CONCEPT Cited by 1 source
Data classification tagging¶
What it is¶
Data classification tagging is attaching machine-readable sensitivity metadata to each unit of data — typically at the column / field level — so that automated policy enforcement, detection, and warehouse governance can reason about data category at runtime or query time. The tags encode what kind of data this is (PII, billing, security credential, health, location, free-form user content, etc.) and sometimes what uses are permitted.
Why field-level (not resource-level)¶
Resource-level classification — "this table holds PII" — forces everything in the table to the highest sensitivity tier. Real schemas mix public fields (display name, avatar URL) with sensitive ones (email, phone, billing token) in the same row. Field-level tagging lets enforcement make per-field decisions: allow the public fields in an API response, flag the sensitive ones.
The central-schema pattern¶
Canonical production instance (FigTag, Source: sources/2026-04-21-figma-visibility-at-scale-sensitive-data-exposure):
- Annotate every column with a category at schema-definition time.

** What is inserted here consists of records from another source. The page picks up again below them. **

Lemma frequent_cluster_prefix n : frequent_prefix n (cluster_prefix n).
Proof.
  induction n as [|n IH].
  - intro M. exists M. split; [lia|]. intros i Hi; lia.
  - simpl. destruct (excluded_middle_informative _) as [H|H]; [exact H|].
    destruct (frequent_prefix_extend _ _ IH); tauto.
Qed.

Lemma cluster_prefix_stable n m i : (i < n)%nat -> (n <= m)%nat ->
  cluster_prefix m i = cluster_prefix n i.
Proof.
  intros Hi; induction 1 as [|m Hnm IH]; [reflexivity|]. rewrite <- IH. simpl.
  assert (E : Nat.ltb i m = true) by (apply Nat.ltb_lt; lia).
  destruct (excluded_middle_informative _); unfold set_bit; rewrite E; reflexivity.
Qed.

(* Sequential compactness of Cantor space, by König's lemma. *)
Lemma cantor_cluster_point : exists v, forall n, frequent_prefix n v.
Proof.
  exists (fun i => cluster_prefix (S i) i). intros n M.
  destruct (frequent_cluster_prefix n M) as [N [HN Hag]]. exists N. split; [exact HN|].
  intros i Hi. rewrite <- Hag by exact Hi. symmetry; apply cluster_prefix_stable; lia.
Qed.

End ClusterPoint.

- Store annotations in a central schema (not scattered across service-local configs) so a single source of truth exists.
- Propagate to the data warehouse so analytics queries can filter / aggregate / audit by sensitivity.
- Expose at runtime so application middleware (e.g., an ORM callback) can hook sensitive-column loads for detection or enforcement.
Enforcement leverage¶
Once every column is tagged, many enforcement/detection systems compose on top of the same metadata:
- Response-body sampling for sensitive values
(Figma Response Sampling
Phase 2) — match
banned_from_clients-tagged values against outbound JSON. - Warehouse access controls — restrict queries over PII tables to approved roles based on tag.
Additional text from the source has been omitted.